В земледельческой обрядности европейских народов основная масса реликтовых явлений, представлений и бытовых действий объединяется общей идеей – достижение плодородия в самом широком понимании этого слова. В этих представлениях и приемах достижения цели можно видеть пережитки культа плодородия, зародившегося в глубокой древности и прошедшего длительный и сложный путь развития. Стадиально различным пластам религиозных верований соответствовали формы проявления этого культа от самых архаичных, когда плодородие заклиналось путем простейших магических приемов, предполагалось зависящим от почитания стихий, задабривания олицетворявших природу духов, выражалось в почитании духов умерших, духов предков, выступавших как податели плодородия, а затем в почитании мифологических образов, божеств плодородия и в христианской религии в почитании святых, заместивших эти божества. В земледельческой обрядности европейских народов пережитки этих представлений выступают в синкретической слитности. В ней нашли отражение реликты самых архаических форм культа плодородия: это гадания и приемы магии плодородия, это и следы почитания стихий, среди которых главные – вода, земля, солнце, огонь. Пережитки этого почитания прослеживаются во всех обрядах годового цикла. О роли воды, солнца и огня в календарной обрядности рассказано в соответствующих местах настоящей книги. Почитание земли основывается, по всей вероятности, на стремлении древних земледельцев сберечь, восстановить плодоносящую силу пашни, истраченную на произрастание злаковых и других полезных растений. В обрядах присутствует и благодарение земли за произведенный урожай.

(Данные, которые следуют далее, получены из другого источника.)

Lemma reflexive_lin_image (Lam : set 'rV[R]_d) :
  reflexive_wrt Lam D m -> reflexive_wrt (lin_image A Lam) (lin_image A D) (m *m A).
Proof.
move=> [polyD Lm intD [U [U_dual polD]]]; split.
- exact: lattice_polytope_lin_image.
- by exists m.
- by apply: interior_lin_image intD; exact: surj_row_full.
exists (0 :: [seq u *m pinvmx A^T | u <- U & (u <= A^T)%MS]).
split; last exact: polar_lin_image_conv_hull.
move=> v; rewrite inE => /orP [/eqP -> l _|/mapP [u]].
  by exists 0; rewrite pairing0r.
rewrite mem_filter => /andP [uA uU] ->.
by apply: dual_lattice_lin_image; rewrite mulmxKpV //; exact: U_dual.
Qed.

End Projection.

Theorem corollary6p6 (R : realType) (d : nat) (P Q : set 'rV[R]_d) :
  lattice_polytope (@Zlattice R d) P ->
  lattice_polytope (@Zlattice R d) Q ->
  (exists m, reflexive_wrt (@Zlattice R d) (minkowski_sum P Q) m) ->
  forall p : 'rV[R]_d, Zlattice p -> P p ->
  forall (n : nat) (A : 'M[R]_(d, n)),
    (forall x : 'rV[R]_d, x *m A = 0 <-> lin_span (translate P p) x) ->
    (forall y : 'rV[R]_n, exists x : 'rV[R]_d, y = x *m A) ->
  exists m' : 'rV[R]_n,
    reflexive_wrt (lin_image A (@Zlattice R d)) (lin_image A (minkowski_sum P Q)) m'.
Proof.
move=> [SP [_ ->]] [SQ [_ ->]] [m reflD] p _ Pp n A kerA surjA.
by exists (m *m A); exact: reflexive_lin_image kerA surjA _ reflD.
Qed.
Lemma small_walk_end x sg :
  prefix_sum sg (small_sign x) n = 2 * ((nsmall x)%:Z - half_small%:Z).
Proof.
rewrite prefix_sum_n (bigID (fun i : 'I_n => (i < s)%N)) /= big1 => [|i i_s]; last first.
  by rewrite /small_sign i_s.
rewrite add0r (bigID (fun i => x i)) /=.
rewrite (eq_bigr (fun=> 1)) => [|i /andP [s_i xi]]; last by rewrite /small_sign (negbTE s_i) xi.
rewrite [X in _ + X](eq_bigr (fun=> -1)) => [|i /andP [s_i /negbTE xi]]; last first.
  by rewrite /small_sign (negbTE s_i) xi.
rewrite !sumr_const mulNrn.
have -> : #|[pred i : 'I_n | ~~ (i < s)%N && x i]| = nsmall x.
  by apply: eq_card => i; rewrite !inE andbC.
have -> : #|[pred i : 'I_n | ~~ (i < s)%N && ~~ x i]| = nsmall (compl x).
  by apply: eq_card => i; rewrite !inE ffunE andbC.
have := nsmall_compl x; have := half_small_double; lia.
Qed.

Definition unbalanced x :=
  ((nsmall x + margin <= half_small) || (half_small + margin <= nsmall x))%N.

Lemma small_walk_hits x sg : unbalanced x -> exists2 t,
  (margin <= t <= n - margin)%N & prefix_sum sg (small_sign x) t = (nsmall x)%:Z - half_small%:Z.
Proof.
move=> unbal; have [_ _ _ two_margin] := margin_bounds.
apply: int_walk_hits_half two_margin (@small_walk_step x sg) (prefix_sum0 _ _) _ _.
  exact: small_walk_end.
by move: unbal; rewrite /unbalanced ler_normr; lia.
Qed.

Lemma exists_surplus_large x : exists2 A : {set 'I_n}, A \subset large_jobs &
  \sum_(i in A) signed_time p x i = ((nlarge x)%:R - half_large%:R) * large_time.
Proof.
have sum_const (A : {set 'I_n}) c : {in A, forall i, signed_time p x i = c} ->
    \sum_(i in A) signed_time p x i = c *+ #|A|.
  by move=> A_c; rewrite (eq_bigr (fun=> c) A_c) sumr_const.
have [hl_le | lt_hl] := leqP half_large (nlarge x).
  have [A A_sub A_card] := exists_subset_card (leq_subr half_large (nlarge x)).
  exists A; first by apply: subset_trans A_sub _; apply/subsetP => i; rewrite !inE => /andP [].
  rewrite (@sum_const _ large_time) ?A_card => [|i /(subsetP A_sub)]; last first.
    by rewrite inE /signed_time /ptime => /andP [-> ->].
  by rewrite -[LHS]mulr_natl natrB.
have le_compl : (half_large - nlarge x <= nlarge (compl x))%N.
  by have := nlarge_compl x; have := half_large_double; lia.
have [A A_sub A_card] := exists_subset_card le_compl.
exists A; first by apply: subset_trans A_sub _; apply/subsetP => i; rewrite !inE => /andP [].
rewrite (@sum_const _ (- large_time)) ?A_card => [|i /(subsetP A_sub)]; last first.
  by rewrite inE ffunE /signed_time /ptime => /andP [/negbTE -> ->].
by rewrite -[LHS]mulr_natl natrB 1?ltnW // mulrN -mulNr opprB.
Qed.

(* The surplus large jobs [A] are flipped within the first [margin] steps and the
   other large jobs within the last [margin] steps; in between only small jobs move. *)
Definition balancing_slots (A : {set 'I_n}) (e : 'I_n) : {set 'I_n} :=
  if e \in A then [set t : 'I_n | (t < margin)%N] else [set t : 'I_n | (n - margin <= t)%N].

Lemma large_part_balanced x (A : {set 'I_n}) sg t : A \subset large_jobs ->
  sg \in constrained_perms (balancing_slots A) (enum large_jobs) ->
  (margin <= t <= n - margin)%N ->
  prefix_sum sg (large_part x) t = \sum_(i in A) signed_time p x i.
Proof.
move=> /subsetP A_large; rewrite inE => /allP sg_slots /andP [margin_t t_margin].
rewrite /prefix_sum big_mkcond [RHS]big_mkcond; apply: eq_bigr => i _.
rewrite /large_part; have [i_s | s_i] := boolP (i < s)%N; last first.
  have iA : i \notin A by apply: contraNN s_i => /A_large; rewrite inE.
  by rewrite (negbTE iA); case: ifP.
have := sg_slots i; rewrite mem_enum inE i_s /balancing_slots => /(_ isT).
case: ifP => _; rewrite inE => slot; first by rewrite (leq_trans slot margin_t).
by rewrite ltnNge (leq_trans t_margin slot).
Qed.

Lemma balancing_perms_improving x (A : {set 'I_n}) :
  ~~ is_optimal (makespan p) x -> unbalanced x -> A \subset large_jobs ->
  \sum_(i in A) signed_time p x i = ((nlarge x)%:R - half_large%:R) * large_time ->
  constrained_perms (balancing_slots A) (enum large_jobs) \subset improving_perms (makespan p) x.
Proof.
move=> x_nonopt unbal A_large A_sum; apply/subsetP => sg sg_bal.
have [t t_range walk_t] := small_walk_hits sg unbal.
have [_ _ s_margin _] := margin_bounds.
apply: (@improving_permsP _ _ _ _ _ t).
  move: t_range => /andP [margin_t t_le].
  by rewrite (leq_trans _ margin_t) ?(leq_trans t_le (leq_subr _ _)) // (leq_ltn_trans _ s_margin).
apply: optimal_lt x_nonopt; apply: load_half_optimal; first exact: sum_ptime.
rewrite load_flipped prefix_sum_signed_time_split (large_part_balanced _ A_large sg_bal t_range).
by rewrite A_sum walk_t intrB /= -[load p x](subrK (1 / 2)) load_sub_half; ring.
Qed.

Обычай приносить жертвы стихиям, в том числе земле, отмечен у многих народов Европы. Немцы в иванов день часть похлебки от праздничной трапезы выливали в огонь, часть – в проточную воду, часть зарывали в землю. На масленицу немцы закапывали в землю петуха. Сербы резали в начале осеннего сева петуха, чтобы приготовить обед пахарям, а остатки трапезы и кости петуха закапывали в борозду. Заклание петуха ознаменовывало конец жатвы и окончание молотьбы у болгар. Кровь заколотого молодого петуха должна была смочить то место, где был обмолочен последний сноп. В первую борозду австрийцы клали пасхальные яйца и хлеб.
Одним из важнейших элементов культа плодородия были представления о сакральном характере растительного мира и обряды, связанные с этими представлениями. Дерево, зеленая ветвь, цветы и травы – части живой природы. Они выступают в обрядности как символы плодородия, носители животворящих сил природы, а также как обереги и как средства народной медицины.
Связь животного мира с плодородием в поверьях европейских народов проявляется в маскировании, фольклорных сюжетах, обрядовых действиях и, наконец, в обрядовом печенье.
Велика в обрядах плодородия роль женских святых, через образы которых проявляется магическая связь аграрных обрядов с плодоносящим женским или готовым к плодоношению девичьим началом. К этому же кругу проблем относятся и эротические мотивы аграрной обрядности.
На протяжении всего годового цикла проявляется тесная связь поминальных и календарных обрядов, связь поминальных обрядов с идеей плодородия.
В свете изучения земледельческой обрядности европейских народов, убедительной представляется гипотеза Г. П. Снесарева,[208]208
Снесарев Г. П. Реликты домусульманских верований…, с. 186–188, 262–264.
[Закрыть] предлагающего считать культ плодородия самостоятельной, притом универсальной формой религии, развивавшейся и усложнявшейся по мере развития производительных сил и социальных отношений, религии, которая с оформлением религий классового общества вошла в них в качестве составной части.